Combustion and Fluid Dynamic Measurements in a Spark Ignition Engine: Effects of Thermochemistry and Velocity Field; Turbulent Flame Speeds 892098

Transient flame propagation, gas velocities and heat release are measured in a spark-ignited engine with optical access using high speed shadowgraph visualization, laser velocimetry and pressure trace analysis.
For a set of running conditions varied around a reference case, ensemble-averaged and cycle-resolved flame front evolutions, velocity fields and heat release are presented for lean mixtures of propane and air. The changed parameters include flow-field (swirl, tumble), rpm (600 and 1200), equivalence ratio (0.7 and 0.9), volumetric efficiency (0.5 and 0.9) and spark-timing. Given the usable field of view, the combustion can be observed during 50% of its total duration which corresponds to a 15% burnt fraction.
An analysis of the data shows that the flame expansion velocities are highly transient during the observable combustion phase.

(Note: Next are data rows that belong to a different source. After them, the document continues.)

(* Let $b\ge 3$ be an integer and $D \subset \{0,\ldots,b-1\}$ with $2 \le \#D \le b-1$. Let $n \geq 1$ and $p$ be integers and let $\psi(n)>0$ satisfy $\psi(n) < b^{-n}/2$. Put $d_{l,n} = \frac{m_{l}}{(b-1)b^n}$ and $d_{r,n} = \frac{m_{r}}{(b-1)b^n}$. Using the convention that an open ball with non-positive radius is the empty set: (1) If $p b^{-n} \in L_{n} \setminus R_{n}$, then $B\left(\frac{p}{b^{n}},\psi(n)\right) \cap C(b,D) = B\left(\frac{p}{b^{n}} + d_{l,n},\psi(n)-d_{l,n}\right) \cap C(b,D)$. (2) If $p b^{-n} \in R_{n} \setminus L_{n}$, then $B\left(\frac{p}{b^{n}},\psi(n)\right) \cap C(b,D) = B\left(\frac{p}{b^{n}} - d_{r,n},\psi(n)-d_{r,n}\right) \cap C(b,D)$. (3) If $p b^{-n} \in L_{n} \cup R_{n}$, then $B\left(\frac{p}{b^{n}},\psi(n)\right) \cap C(b,D) = \left(B\left(\frac{p}{b^{n}} + d_{l,n},\psi(n)-d_{l,n}\right) \cup B\left(\frac{p}{b^{n}} - d_{r,n},\psi(n)-d_{r,n}\right) \right) \cap C(b,D)$. (4) If $p b^{-n} \notin L_{n} \cup R_{n}$, then $B\left(\frac{p}{b^{n}},\psi(n)\right) \cap C(b,D) = \emptyset$.
   Context: $C(b,D)$ is the set of $x\in[0,1]$ whose base-$b$ expansion uses only digits from $D$. $B(x,r)$ denotes the open interval $(x-r,x+r)$. The $n$-th level $C_n(b,D) = \{\sum_{i\ge1} x_i b^{-i} \in [0,1] : x_i \in D \text{ for } i=1,\ldots,n\}$ is a union of $(\#D)^n$ closed intervals of length $b^{-n}$; $L_n$ is the set of left endpoints and $R_n$ the set of right endpoints of these intervals (a point may lie in both). $m_l = \min D$ and $m_r = b-1-\max D$. *)

From Stdlib Require Import Reals Lra Lia ZArith List.
Open Scope R_scope.

(* min D and max D (D nonempty, all entries < b). *)
Definition dmin (b : nat) (D : list nat) : nat := fold_right Nat.min b D.
Definition dmax (D : list nat) : nat := fold_right Nat.max 0%nat D.

Definition m_l (b : nat) (D : list nat) : nat := dmin b D.
Definition m_r (b : nat) (D : list nat) : nat := (b - 1 - dmax D)%nat.

(* Value of the first n digits: sum_{i=1}^{n} a_i b^{-i}, where the digit
   a_i is stored as a (i-1). *)
Fixpoint prefix_val (b : nat) (a : nat -> nat) (n : nat) : R :=
  match n with
  | O => 0
  | S m => prefix_val b a m + INR (a m) / (INR b ^ (S m))
  end.

Definition Cantor (b : nat) (D : list nat) (x : R) : Prop :=
  0 <= x <= 1 /\
  exists a : nat -> nat,
    (forall k, In (a k) D) /\
    infinite_sum (fun k => INR (a k) / (INR b ^ (S k))) x.

Definition Cantor_level (b : nat) (D : list nat) (n : nat) (x : R) : Prop :=
  0 <= x <= 1 /\
  exists a : nat -> nat,
    (forall k, (a k < b)%nat) /\
    (forall k, (k < n)%nat -> In (a k) D) /\
    infinite_sum (fun k => INR (a k) / (INR b ^ (S k))) x.

(* The intervals of C_n are [w, w + b^{-n}] where w = sum_{i=1}^n x_i b^{-i},
   x_i in D. L_n: left endpoints; R_n: right endpoints. *)
Definition Lends (b : nat) (D : list nat) (n : nat) (y : R) : Prop :=
  exists a : nat -> nat,
    (forall k, (k < n)%nat -> In (a k) D) /\ y = prefix_val b a n.

Definition Rends (b : nat) (D : list nat) (n : nat) (y : R) : Prop :=
  exists a : nat -> nat,
    (forall k, (k < n)%nat -> In (a k) D) /\ y = prefix_val b a n + / (INR b ^ n).

Definition oball (x r : R) (y : R) : Prop := x - r < y < x + r.

(** Cutting the expansion of a point [y] of [C(b,D)] after [n] digits gives a
    left endpoint [w = k / b^n] of a level-[n] interval, and since the
    remaining digits lie between [min D] and [max D], the geometric tail puts
    [y] in [[w + d_l, w + b^-n - d_r]].  If moreover [|y - p / b^n| < b^-n / 2],
    the integer [k] can only be [p] or [p - 1]: either [p / b^n = w] is a left
    endpoint and [y >= p / b^n + d_l], or [p / b^n = w + b^-n] is a right
    endpoint and [y <= p / b^n - d_r]. *)

From Stdlib Require Import Reals ZArith List.
From Stdlib Require Import Lra Lia.
Open Scope R_scope.

Lemma dmin_le b D d : In d D -> (dmin b D <= d)%nat.
Proof.
  induction D as [|x D IH]; simpl; [tauto|].
  intros [->|Hd]; [lia|]. specialize (IH Hd). lia.
Qed.

Lemma dmax_ge D d : In d D -> (d <= dmax D)%nat.
Proof.
  induction D as [|x D IH]; simpl; [tauto|].
  intros [->|Hd]; [lia|]. specialize (IH Hd). lia.
Qed.

Lemma dmax_le_pred b D : (forall d, In d D -> (d < b)%nat) -> (dmax D <= b - 1)%nat.
Proof.
  induction D as [|x D IH]; simpl; intros HD; [lia|].
  assert (x < b)%nat by (apply HD; left; reflexivity).
  assert (dmax D <= b - 1)%nat by (apply IH; intros; apply HD; right; assumption).
  lia.
Qed.

Lemma INR_m_r b D : (1 <= b)%nat -> (forall d, In d D -> (d < b)%nat) ->
  INR (m_r b D) = INR b - 1 - INR (dmax D).
Proof.
  intros Hb HD. pose proof (dmax_le_pred b D HD).
  unfold m_r. rewrite !minus_INR by lia. simpl. lra.
Qed.

Lemma Un_cv_const c : Un_cv (fun _ => c) c.
Proof. intros eps Heps. exists 0%nat. intros. unfold Rdist. rewrite Rminus_diag, Rabs_R0. lra. Qed.

Lemma Un_cv_inv_pow x : 1 < x -> Un_cv (fun N => / x ^ N) 0.
Proof.
  intros Hx eps Heps.
  assert (Hq : Rabs (/ x) < 1).
  { rewrite Rabs_pos_eq by (left; apply Rinv_0_lt_compat; lra).
    rewrite <- Rinv_1. apply Rinv_lt_contravar; lra. }
  destruct (pow_lt_1_zero _ Hq eps Heps) as [N HN].
  exists N. intros m Hm. unfold Rdist. rewrite Rminus_0_r, <- pow_inv. now apply HN.
Qed.

Lemma Un_cv_geometric_tail w c T x : 1 < x ->
  Un_cv (fun N => w + c * (T - / x ^ N) / (x - 1)) (w + c * T / (x - 1)).
Proof.
  intros Hx.
  replace (w + c * T / (x - 1)) with (w + c * (T - 0) * / (x - 1)) by (unfold Rdiv; ring).
  apply CV_plus; [apply Un_cv_const|].
  apply (CV_mult (fun N => c * (T - / x ^ N)) (fun _ => / (x - 1))); [|apply Un_cv_const].
  apply (CV_mult (fun _ => c)); [apply Un_cv_const|].
  apply CV_minus; [apply Un_cv_const|]. now apply Un_cv_inv_pow.
Qed.

Lemma Rle_cv_lim_eventually u v l m N0 : Un_cv u l -> Un_cv v m ->
  (forall N, (N0 <= N)%nat -> u N <= v N) -> l <= m.
Proof.
  intros Hu Hv Huv.
  apply Rle_cv_lim with (Un := fun N => u (N + N0)%nat) (Vn := fun N => v (N + N0)%nat).
  - intros N. apply Huv. lia.
  - now apply CV_shift'.
  - now apply CV_shift'.
Qed.

Lemma Z_eq_or_pred_of_window k p :
  IZR p - 3 / 2 < IZR k < IZR p + 1 / 2 -> k = p \/ k = (p - 1)%Z.
Proof.
  intros [Hlo Hhi].
  assert (Hlt : (k - p < 1)%Z) by (apply lt_IZR; rewrite minus_IZR; lra).
  assert (Hgt : (-2 < k - p)%Z) by (apply lt_IZR; rewrite minus_IZR; lra).
  lia.
Qed.

Section DigitExpansion.

Variable b : nat.
Hypothesis Hb : (2 <= b)%nat.

Let b_gt1 : 1 < INR b.
Proof. apply lt_1_INR. lia. Qed.

Let pow_b_pos n : 0 < INR b ^ n.
Proof. apply pow_lt. lra. Qed.

Let digit_term (a : nat -> nat) (k : nat) : R := INR (a k) / INR b ^ S k.

Lemma prefix_val_partial_sum a N : sum_f_R0 (digit_term a) N = prefix_val b a (S N).
Proof.
  induction N as [|N IH]; simpl; [unfold digit_term; simpl; lra|].
  rewrite IH. reflexivity.
Qed.

Lemma prefix_val_cv a y :
  infinite_sum (digit_term a) y -> Un_cv (prefix_val b a) y.
Proof.
  intros Hs eps Heps. destruct (Hs eps Heps) as [N HN].
  exists (S N). intros [|m] Hm; [lia|].
  rewrite <- prefix_val_partial_sum. apply HN. lia.
Qed.

Lemma prefix_val_int a n : exists k : Z, prefix_val b a n = IZR k / INR b ^ n.
Proof.
  induction n as [|n [k Hk]].
  - exists 0%Z. simpl. lra.
  - exists (k * Z.of_nat b + Z.of_nat (a n))%Z. simpl prefix_val. rewrite Hk.
    rewrite plus_IZR, mult_IZR, <- !INR_IZR_INZ. simpl pow.
    pose proof (pow_b_pos n). field. lra.
Qed.

Lemma prefix_val_increment_bounds a (lo hi : nat) n m :
  (forall k, (lo <= a k <= hi)%nat) ->
  INR lo * (/ INR b ^ n - / INR b ^ (n + m)) / (INR b - 1)
    <= prefix_val b a (n + m) - prefix_val b a n <=
  INR hi * (/ INR b ^ n - / INR b ^ (n + m)) / (INR b - 1).
Proof.
  intros Ha. induction m as [|m IH].
  - rewrite Nat.add_0_r. unfold Rdiv. lra.
  - rewrite Nat.add_succ_r. simpl prefix_val. simpl pow.
    pose proof (pow_b_pos n). pose proof (pow_b_pos (n + m)).
    set (P := INR b ^ (n + m)) in *.
    assert (HP : 0 < INR b * P) by (apply Rmult_lt_0_compat; lra).
    assert (Estep : forall c, c * (/ INR b ^ n - / (INR b * P)) / (INR b - 1) =
               c * (/ INR b ^ n - / P) / (INR b - 1) + c / (INR b * P)).
    { intros c. field. repeat split; lra. }
    rewrite !Estep.
    destruct (Ha (n + m)%nat) as [Hlo Hhi]. apply le_INR in Hlo, Hhi.
    assert (INR lo / (INR b * P) <= INR (a (n + m)%nat) / (INR b * P))
      by (apply Rmult_le_compat_r; [left; apply Rinv_0_lt_compat|]; assumption).
    assert (INR (a (n + m)%nat) / (INR b * P) <= INR hi / (INR b * P))
      by (apply Rmult_le_compat_r; [left; apply Rinv_0_lt_compat|]; assumption).
    lra.
Qed.

Lemma level_gap_nonneg c n : 0 <= INR c / ((INR b - 1) * INR b ^ n).
Proof.
  apply Rmult_le_pos; [apply pos_INR|].
  left. apply Rinv_0_lt_compat, Rmult_lt_0_compat; [lra | apply pow_b_pos].
Qed.

Lemma digit_expansion_bounds a (lo hi : nat) n y :
  (forall k, (lo <= a k <= hi)%nat) -> infinite_sum (digit_term a) y ->
  prefix_val b a n + INR lo / ((INR b - 1) * INR b ^ n) <= y <=
  prefix_val b a n + INR hi / ((INR b - 1) * INR b ^ n).
Proof.
  intros Ha Hs. pose proof (prefix_val_cv a y Hs) as Hcv.
  set (w := prefix_val b a n).
  assert (Hbound : forall N, (n <= N)%nat ->
    w + INR lo * (/ INR b ^ n - / INR b ^ N) / (INR b - 1) <= prefix_val b a N <=
    w + INR hi * (/ INR b ^ n - / INR b ^ N) / (INR b - 1)).
  { intros N HN. replace N with (n + (N - n))%nat by lia.
    pose proof (prefix_val_increment_bounds a lo hi n (N - n) Ha). unfold w. lra. }
  assert (Elim : forall c : nat, INR c / ((INR b - 1) * INR b ^ n) =
                                  INR c * / INR b ^ n / (INR b - 1)).
  { intros c. pose proof (pow_b_pos n). field. lra. }
  rewrite !Elim. split.
  - apply (Rle_cv_lim_eventually _ _ _ _ n (Un_cv_geometric_tail w (INR lo) _ _ b_gt1) Hcv).
    intros N HN. apply Hbound, HN.
  - apply (Rle_cv_lim_eventually _ _ _ _ n Hcv (Un_cv_geometric_tail w (INR hi) _ _ b_gt1)).
    intros N HN. apply Hbound, HN.
Qed.

Variable D : list nat.
Hypothesis HD : forall d, In d D -> (d < b)%nat.

Lemma Cantor_in_level_interval n y : Cantor b D y ->
  exists a, (forall k, In (a k) D) /\
    prefix_val b a n + INR (m_l b D) / ((INR b - 1) * INR b ^ n) <= y <=
    prefix_val b a n + / INR b ^ n - INR (m_r b D) / ((INR b - 1) * INR b ^ n).
Proof.
  intros [_ [a [Hin Hs]]]. exists a. split; [exact Hin|].
  assert (Ha : forall k, (m_l b D <= a k <= dmax D)%nat)
    by (intros k; split; [apply dmin_le | apply dmax_ge]; apply Hin).
  pose proof (digit_expansion_bounds a _ _ n y Ha Hs).
  assert (Er : / INR b ^ n - INR (m_r b D) / ((INR b - 1) * INR b ^ n) =
               INR (dmax D) / ((INR b - 1) * INR b ^ n)).
  { rewrite INR_m_r by (lia || exact HD). pose proof (pow_b_pos n). field. lra. }
  lra.
Qed.

Lemma Cantor_ball_near_endpoint n p psi y :
  psi < / INR b ^ n / 2 ->
  oball (IZR p / INR b ^ n) psi y -> Cantor b D y ->
  (Lends b D n (IZR p / INR b ^ n) /\
     IZR p / INR b ^ n + INR (m_l b D) / ((INR b - 1) * INR b ^ n) <= y) \/
  (Rends b D n (IZR p / INR b ^ n) /\
     y <= IZR p / INR b ^ n - INR (m_r b D) / ((INR b - 1) * INR b ^ n)).
Proof.
  intros Hpsi Hball HC.
  destruct (Cantor_in_level_interval n y HC) as [a [Hin Hy]].
  destruct (prefix_val_int a n) as [k Hk].
  pose proof (pow_b_pos n) as HB.
  pose proof (level_gap_nonneg (m_l b D) n). pose proof (level_gap_nonneg (m_r b D) n).
  unfold oball in Hball. rewrite Hk in Hy.
  assert (Hwindow : IZR p - 3 / 2 < IZR k < IZR p + 1 / 2).
  { pose proof (Rinv_0_lt_compat _ HB).
    split; apply (Rmult_lt_reg_r (/ INR b ^ n)); unfold Rdiv in *; lra. }
  destruct (Z_eq_or_pred_of_window k p Hwindow) as [-> | ->].
  - left. split; [|lra]. exists a. split; [intros; apply Hin | now rewrite Hk].
  - right. split.
    + exists a. split; [intros; apply Hin|]. rewrite Hk, minus_IZR. field. lra.
    + rewrite minus_IZR in Hy.
      assert ((IZR p - 1) / INR b ^ n + / INR b ^ n = IZR p / INR b ^ n) by (field; lra).
      lra.
Qed.

End DigitExpansion.

Theorem lemma3p2 (b : nat) (D : list nat) (n : nat) (p : Z) (psi : R) :
  (3 <= b)%nat ->
  NoDup D -> (forall d, In d D -> (d < b)%nat) ->
  (2 <= length D)%nat -> (length D <= b - 1)%nat ->
  (1 <= n)%nat ->
  0 < psi -> psi < / (INR b ^ n) / 2 ->
  let x0 := IZR p / (INR b ^ n) in
  let dl := INR (m_l b D) / ((INR b - 1) * INR b ^ n) in
  let dr := INR (m_r b D) / ((INR b - 1) * INR b ^ n) in
  ((Lends b D n x0 /\ ~ Rends b D n x0) ->
     forall y, (oball x0 psi y /\ Cantor b D y) <->
               (oball (x0 + dl) (psi - dl) y /\ Cantor b D y)) /\
  ((Rends b D n x0 /\ ~ Lends b D n x0) ->
     forall y, (oball x0 psi y /\ Cantor b D y) <->
               (oball (x0 - dr) (psi - dr) y /\ Cantor b D y)) /\
  ((Lends b D n x0 \/ Rends b D n x0) ->
     forall y, (oball x0 psi y /\ Cantor b D y) <->
               ((oball (x0 + dl) (psi - dl) y \/ oball (x0 - dr) (psi - dr) y)
                /\ Cantor b D y)) /\
  (~ (Lends b D n x0 \/ Rends b D n x0) ->
     forall y, ~ (oball x0 psi y /\ Cantor b D y)).
Proof.
  intros Hb _ HD _ _ _ _ Hpsi x0 dl dr.
  assert (Hb2 : (2 <= b)%nat) by lia.
  pose proof (level_gap_nonneg b Hb2 (m_l b D) n : 0 <= dl).
  pose proof (level_gap_nonneg b Hb2 (m_r b D) n : 0 <= dr).
  pose proof (fun y => Cantor_ball_near_endpoint b Hb2 D HD n p psi y Hpsi) as Hnear.
  fold x0 dl dr in Hnear. unfold oball in *.
  split; [|split; [|split]].
  - intros [HL HR] y. split; intros [Hy HC]; split; auto; [|lra].
    destruct (Hnear y Hy HC) as [[_ ?] | [? _]]; [lra | tauto].
  - intros [HR HL] y. split; intros [Hy HC]; split; auto; [|lra].
    destruct (Hnear y Hy HC) as [[? _] | [_ ?]]; [tauto | lra].
  - intros _ y. split; intros [Hy HC]; split; auto; [|lra].
    destruct (Hnear y Hy HC) as [[_ ?] | [_ ?]]; [left | right]; lra.
  - intros HLR y [Hy HC]. destruct (Hnear y Hy HC) as [[? _] | [? _]]; tauto.
Qed.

An acceleration yields to a 2 to 4 fold velocity increase. The flame velocities depend strongly on the operating conditions. Taking into account the chamber geometry and the gas expansion ratio through the flame, the transient turbulent flame speeds free of convection effects are determined. A correlation is found between the ratio of the turbulent flame speed to the laminar flame velocity and the turbulence intensity.